Exercise: Within the records below, reproduce without change the lines from the line that has "Lemma pdb_plus (b" through the line that has "Lemma smooth_upto_plus (n", and only those.

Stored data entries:
● ● ● ● ● ● ●

(* With $P(X)=\prod_{i=1}^n(X-x_i)=\sum_{i=0}^n a_iX^i$ ($a_n=1$), set $a_i=0$ for $i>n$ and $\alpha_{i,j}=(i+1)a_{i+1}a_j$. Then, as polynomial identities in $X,Y$, $$\Gamma_{\mathbb E}\big(P(X),P(Y)\big)=\sum_{i,j}\Gamma_{\mathbb E}(a_i,a_j)X^iY^j=\frac{P'(X)P(Y)-P'(Y)P(X)}{Y-X}=\sum_{i\ne j}\alpha_{i,j}\,\frac{X^iY^j-X^jY^i}{Y-X}.$$ Moreover, the functions $G^{kp}=\Gamma_{\mathbb E}(a_k,a_p)$ ($0\le k,p\le n-1$) are polynomials in $(a_0,\dots,a_{n-1})$, and regarding them as such, for every $p\in\{0,\dots,n-1\}$, $$\sum_{k=0}^{n-1}\partial_{a_k}\Gamma_{\mathbb E}(a_k,a_p)=-\tfrac12(p+1)(p+2)\,a_{p+2}.$$
   Context: $\Gamma_{\mathbb E}(f,g)=\sum_i\partial_{x_i}f\,\partial_{x_i}g$ is the Euclidean carré du champ on $\mathbb{R}^n$; the $a_i$ are functions of $x=(x_1,\dots,x_n)$. *)

From Stdlib Require Import Reals Lra Lia Classical ClassicalEpsilon.
Open Scope R_scope.

(* Points of R^n are represented as x : nat -> R; only the coordinates
   x 0, ..., x (n-1) (the paper's x_1, ..., x_n) are used. *)

Fixpoint rsum (n : nat) (F : nat -> R) : R :=
  match n with O => 0 | S m => rsum m F + F m end.
Fixpoint rprod (n : nat) (F : nat -> R) : R :=
  match n with O => 1 | S m => rprod m F * F m end.

Definition upd (x : nat -> R) (l : nat) (t : R) : nat -> R :=
  fun k => if Nat.eqb k l then t else x k.

Definition has_partial (f : (nat -> R) -> R) (l : nat) (x : nat -> R) (v : R)
  : Prop := derivable_pt_lim (fun t => f (upd x l t)) (x l) v.

(* the partial derivative d f / d x_l at x (0 if it does not exist) *)
Definition partial (f : (nat -> R) -> R) (l : nat) (x : nat -> R) : R :=
  match excluded_middle_informative (exists v, has_partial f l x v) with
  | left H => proj1_sig (constructive_indefinite_description _ H)
  | right _ => 0
  end.
(** * Smooth functions *)

Lemma continuity_2d_pt_of_partials (U : R -> R -> Prop) (F : R -> R -> R) (x y : R) :
  open2 U -> U x y ->
  (forall u v, U u v -> ex_derive (fun s => F s v) u) ->
  continuity_2d_pt (pdx F) x y ->
  ex_derive (fun s => F x s) y ->
  continuity_2d_pt F x y.
Proof.
  intros HU Hxy Hdx Hc Hdy eps.
  set (M := Rabs (pdx F x y) + 1).
  assert (HM : 0 < M) by (unfold M; generalize (Rabs_pos (pdx F x y)); lra).
  assert (Hbox : locally_2d (fun u v => U u v /\ Rabs (pdx F u v) <= M) x y).
  { apply locally_2d_and; [exact (proj1 (open2_locally_2d U) HU x y Hxy) |].
    apply (locally_2d_impl (fun u v => Rabs (pdx F u v - pdx F x y) < 1));
      [apply locally_2d_forall | exact (Hc (mkposreal 1 Rlt_0_1))].
    intros u v Huv; unfold M; generalize (Rabs_triang_inv (pdx F u v) (pdx F x y)); lra. }
  assert (Heps2 : 0 < eps / 2) by (generalize (cond_pos eps); lra).
  destruct Hbox as [d1 Hd1].
  destruct (ex_derive_continuous _ _ Hdy _ (locally_ball _ (mkposreal _ Heps2))) as [d2 Hd2].
  assert (Hd3 : 0 < eps / (2 * M)) by (apply Rdiv_lt_0_compat; [apply cond_pos | lra]).
  assert (Hd : 0 < Rmin (Rmin d1 d2) (eps / (2 * M)))
    by (repeat apply Rmin_pos; try apply cond_pos; exact Hd3).
  exists (mkposreal _ Hd); simpl; intros u v Hu Hv.
  generalize (Rmin_l (Rmin d1 d2) (eps / (2 * M))) (Rmin_r (Rmin d1 d2) (eps / (2 * M)))
    (Rmin_l d1 d2) (Rmin_r d1 d2); intros.
  (* the segment from (x, v) to (u, v) stays in the box, where |F_x| <= M *)
  assert (Hhoriz : Rabs (F u v - F x v) <= M * Rabs (u - x)).
  { apply (bounded_variation (fun s => F s v) (fun s => pdx F s v)); intros s Hs.
    destruct (Hd1 s v ltac:(lra) ltac:(lra)) as [HUs HMs].
    split; [exact (Derive_correct _ _ (Hdx s v HUs)) | exact HMs]. }
  assert (Hvert : Rabs (F x v - F x y) < eps / 2).
  { assert (Hv2 : Rabs (v - y) < d2) by lra; exact (Hd2 v Hv2). }
  assert (Hlin : M * Rabs (u - x) <= eps / 2).
  { apply (Rle_trans _ (M * (eps / (2 * M)))); [apply Rmult_le_compat_l; lra |].
    right; field; lra. }
  replace (F u v - F x y) with ((F u v - F x v) + (F x v - F x y)) by ring.
  generalize (Rabs_triang (F u v - F x v) (F x v - F x y)); lra.
Qed.

Definition pdb (b : bool) : (R -> R -> R) -> R -> R -> R := if b then pdx else pdy.

Lemma dpart_snoc (ds : list bool) (b : bool) (h : R -> R -> R) :
  dpart (ds ++ b :: nil) h = dpart ds (pdb b h).
Proof. induction ds as [| a ds IH]; simpl; [destruct b; reflexivity | rewrite IH; reflexivity]. Qed.

Definition smooth_word (U : R -> R -> Prop) (h : R -> R -> R) (ds : list bool) : Prop :=
  forall x y, U x y ->
    ex_derive (fun t => dpart ds h t y) x /\
    ex_derive (fun t => dpart ds h x t) y /\
    continuity_2d_pt (dpart ds h) x y.

Definition smooth_upto (U : R -> R -> Prop) (n : nat) (h : R -> R -> R) : Prop :=
  forall ds, (length ds <= n)%nat -> smooth_word U h ds.

Section SmoothClosure.

Variable U : R -> R -> Prop.
Hypothesis HU : open2 U.

Lemma smooth_scalar_upto (h : R -> R -> R) : smooth_scalar U h <-> forall n, smooth_upto U n h.
Proof.
  split; [intros H n ds _; exact (H ds) | intros H ds; exact (H (length ds) ds (le_n _))].
Qed.

Lemma smooth_word_snoc (h : R -> R -> R) (ds : list bool) (b : bool) :
  smooth_word U h (ds ++ b :: nil) <-> smooth_word U (pdb b h) ds.
Proof. unfold smooth_word; rewrite dpart_snoc; tauto. Qed.

Lemma smooth_upto_0 (h : R -> R -> R) : smooth_word U h nil -> smooth_upto U 0 h.
Proof. intros H [| b ds] Hl; [exact H | simpl in Hl; lia]. Qed.

Lemma smooth_upto_S (n : nat) (h : R -> R -> R) :
  smooth_word U h nil -> (forall b, smooth_upto U n (pdb b h)) -> smooth_upto U (S n) h.
Proof.
  intros H0 Hb ds; induction ds as [| b ds _] using rev_ind; intros Hl; [exact H0 |].
  rewrite length_app in Hl; simpl in Hl.
  apply (smooth_word_snoc h ds b), Hb; lia.
Qed.

Lemma smooth_upto_nil (n : nat) (h : R -> R -> R) : smooth_upto U n h -> smooth_word U h nil.
Proof. intros H; apply H; simpl; lia. Qed.

Lemma smooth_upto_pred (n : nat) (h : R -> R -> R) : smooth_upto U (S n) h -> smooth_upto U n h.
Proof. intros H ds Hl; apply H; lia. Qed.

Lemma smooth_upto_pdb (n : nat) (b : bool) (h : R -> R -> R) :
  smooth_upto U (S n) h -> smooth_upto U n (pdb b h).
Proof. intros H ds Hl; apply (smooth_word_snoc h ds b), H; rewrite length_app; simpl; lia. Qed.

Lemma dpart_ext_open (F G : R -> R -> R) :
  (forall x y, U x y -> F x y = G x y) ->
  forall ds x y, U x y -> dpart ds F x y = dpart ds G x y.
Proof.
  intros HFG ds; induction ds as [| [|] ds IH]; intros x y Hxy; cbn [dpart]; [auto | |];
    apply Derive_ext_loc.
  - apply (filter_imp (fun s => U s y)); [intros s; apply IH | exact (open2_locally_x U x y HU Hxy)].
  - apply (filter_imp (fun s => U x s)); [intros s; apply IH | exact (open2_locally_y U x y HU Hxy)].
Qed.

Lemma smooth_word_ext_open (F G : R -> R -> R) (ds : list bool) :
  (forall x y, U x y -> F x y = G x y) -> smooth_word U G ds -> smooth_word U F ds.
Proof.
  intros HFG HG x y Hxy; destruct (HG x y Hxy) as [H1 [H2 H3]].
  assert (E := dpart_ext_open F G HFG ds).
  split; [| split].
  - apply (ex_derive_ext_loc (fun t => dpart ds G t y)); [| exact H1].
    apply (filter_imp (fun s => U s y)); [intros s Hs; symmetry; apply E, Hs | exact (open2_locally_x U x y HU Hxy)].
  - apply (ex_derive_ext_loc (fun t => dpart ds G x t)); [| exact H2].
    apply (filter_imp (fun s => U x s)); [intros s Hs; symmetry; apply E, Hs | exact (open2_locally_y U x y HU Hxy)].
  - apply (continuity_2d_pt_ext_loc (dpart ds G)); [| exact H3].
    apply (locally_2d_impl U); [apply locally_2d_forall; intros u v Huv; symmetry; apply E, Huv |].
    exact (proj1 (open2_locally_2d U) HU x y Hxy).
Qed.

Lemma smooth_upto_ext_open (n : nat) (F G : R -> R -> R) :
  (forall x y, U x y -> F x y = G x y) -> smooth_upto U n G -> smooth_upto U n F.
Proof. intros HFG HG ds Hl; exact (smooth_word_ext_open F G ds HFG (HG ds Hl)). Qed.

Section Binary.

Variables f g : R -> R -> R.
Hypotheses (Hf : smooth_word U f nil) (Hg : smooth_word U g nil).

Lemma smooth_word_nil_plus : smooth_word U (fun x y => f x y + g x y) nil.
Proof.
  intros x y Hxy; destruct (Hf x y Hxy) as [f1 [f2 f3]], (Hg x y Hxy) as [g1 [g2 g3]].
  split; [| split]; [exact (ex_derive_plus _ _ x f1 g1) | exact (ex_derive_plus _ _ y f2 g2) |].
  exact (continuity_2d_pt_plus _ _ x y f3 g3).
Qed.

Lemma smooth_word_nil_mult : smooth_word U (fun x y => f x y * g x y) nil.
Proof.
  intros x y Hxy; destruct (Hf x y Hxy) as [f1 [f2 f3]], (Hg x y Hxy) as [g1 [g2 g3]].
  split; [| split]; [exact (ex_derive_mult _ _ x f1 g1) | exact (ex_derive_mult _ _ y f2 g2) |].
  exact (continuity_2d_pt_mult _ _ x y f3 g3).
Qed.

Lemma pdb_plus (b : bool) (x y : R) :
  U x y -> pdb b (fun x y => f x y + g x y) x y = pdb b f x y + pdb b g x y.
Proof.
  intros Hxy; destruct (Hf x y Hxy) as [f1 [f2 _]], (Hg x y Hxy) as [g1 [g2 _]].
  destruct b; [exact (Derive_plus _ _ x f1 g1) | exact (Derive_plus _ _ y f2 g2)].
Qed.

Lemma pdb_mult (b : bool) (x y : R) :
  U x y -> pdb b (fun x y => f x y * g x y) x y = pdb b f x y * g x y + f x y * pdb b g x y.
Proof.
  intros Hxy; destruct (Hf x y Hxy) as [f1 [f2 _]], (Hg x y Hxy) as [g1 [g2 _]].
  destruct b; [exact (Derive_mult _ _ x f1 g1) | exact (Derive_mult _ _ y f2 g2)].
Qed.

End Binary.

Lemma smooth_upto_plus (n : nat) : forall f g : R -> R -> R,
  smooth_upto U n f -> smooth_upto U n g -> smooth_upto U n (fun x y => f x y + g x y).
Proof.
  induction n as [| n IH]; intros f g Hf Hg.
  - apply smooth_upto_0, smooth_word_nil_plus; eapply smooth_upto_nil; eassumption.
  - apply smooth_upto_S; [apply smooth_word_nil_plus; eapply smooth_upto_nil; eassumption |].
    intros b; apply (smooth_upto_ext_open n _ (fun x y => pdb b f x y + pdb b g x y)).
    + apply pdb_plus; eapply smooth_upto_nil; eassumption.
    + exact (IH _ _ (smooth_upto_pdb n b f Hf) (smooth_upto_pdb n b g Hg)).
Qed.

Lemma smooth_upto_mult (n : nat) : forall f g : R -> R -> R,
  smooth_upto U n f -> smooth_upto U n g -> smooth_upto U n (fun x y => f x y * g x y).
Proof.
  induction n as [| n IH]; intros f g Hf Hg.
  - apply smooth_upto_0, smooth_word_nil_mult; eapply smooth_upto_nil; eassumption.
  - apply smooth_upto_S; [apply smooth_word_nil_mult; eapply smooth_upto_nil; eassumption |].
    intros b; apply (smooth_upto_ext_open n _ (fun x y => pdb b f x y * g x y + f x y * pdb b g x y)).
    + apply pdb_mult; eapply smooth_upto_nil; eassumption.
    + apply smooth_upto_plus;
        [apply (IH (pdb b f) g) | apply (IH f (pdb b g))];
        solve [exact (smooth_upto_pdb n b _ Hf) | exact (smooth_upto_pdb n b _ Hg)
              | exact (smooth_upto_pred n _ Hf) | exact (smooth_upto_pred n _ Hg)].
Qed.

Lemma smooth_scalar_plus (f g : R -> R -> R) :
  smooth_scalar U f -> smooth_scalar U g -> smooth_scalar U (fun x y => f x y + g x y).
Proof.
  rewrite !smooth_scalar_upto; intros Hf Hg n; exact (smooth_upto_plus n f g (Hf n) (Hg n)).
Qed.

Lemma smooth_scalar_mult (f g : R -> R -> R) :
  smooth_scalar U f -> smooth_scalar U g -> smooth_scalar U (fun x y => f x y * g x y).
Proof.
  rewrite !smooth_scalar_upto; intros Hf Hg n; exact (smooth_upto_mult n f g (Hf n) (Hg n)).
Qed.

Lemma smooth_scalar_ext_open (F G : R -> R -> R) :
  (forall x y, U x y -> F x y = G x y) -> smooth_scalar U G -> smooth_scalar U F.
Proof. intros HFG HG ds; exact (smooth_word_ext_open F G ds HFG (HG ds)). Qed.

End SmoothClosure.

Lemma dpart_const (c : R) (ds : list bool) : exists k, forall x y, dpart ds (fun _ _ => c) x y = k.
Proof.
  induction ds as [| b ds [k Hk]]; cbn [dpart]; [exists c; reflexivity |].
  exists 0; intros x y; destruct b; unfold pdx, pdy;
    rewrite (Derive_ext _ (fun _ => k)) by auto; apply Derive_const.
Qed.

● ● ● ● ● ● ●

Response to the exercise:
Lemma pdb_plus (b : bool) (x y : R) :
  U x y -> pdb b (fun x y => f x y + g x y) x y = pdb b f x y + pdb b g x y.
Proof.
  intros Hxy; destruct (Hf x y Hxy) as [f1 [f2 _]], (Hg x y Hxy) as [g1 [g2 _]].
  destruct b; [exact (Derive_plus _ _ x f1 g1) | exact (Derive_plus _ _ y f2 g2)].
Qed.

Lemma pdb_mult (b : bool) (x y : R) :
  U x y -> pdb b (fun x y => f x y * g x y) x y = pdb b f x y * g x y + f x y * pdb b g x y.
Proof.
  intros Hxy; destruct (Hf x y Hxy) as [f1 [f2 _]], (Hg x y Hxy) as [g1 [g2 _]].
  destruct b; [exact (Derive_mult _ _ x f1 g1) | exact (Derive_mult _ _ y f2 g2)].
Qed.

End Binary.

Lemma smooth_upto_plus (n : nat) : forall f g : R -> R -> R,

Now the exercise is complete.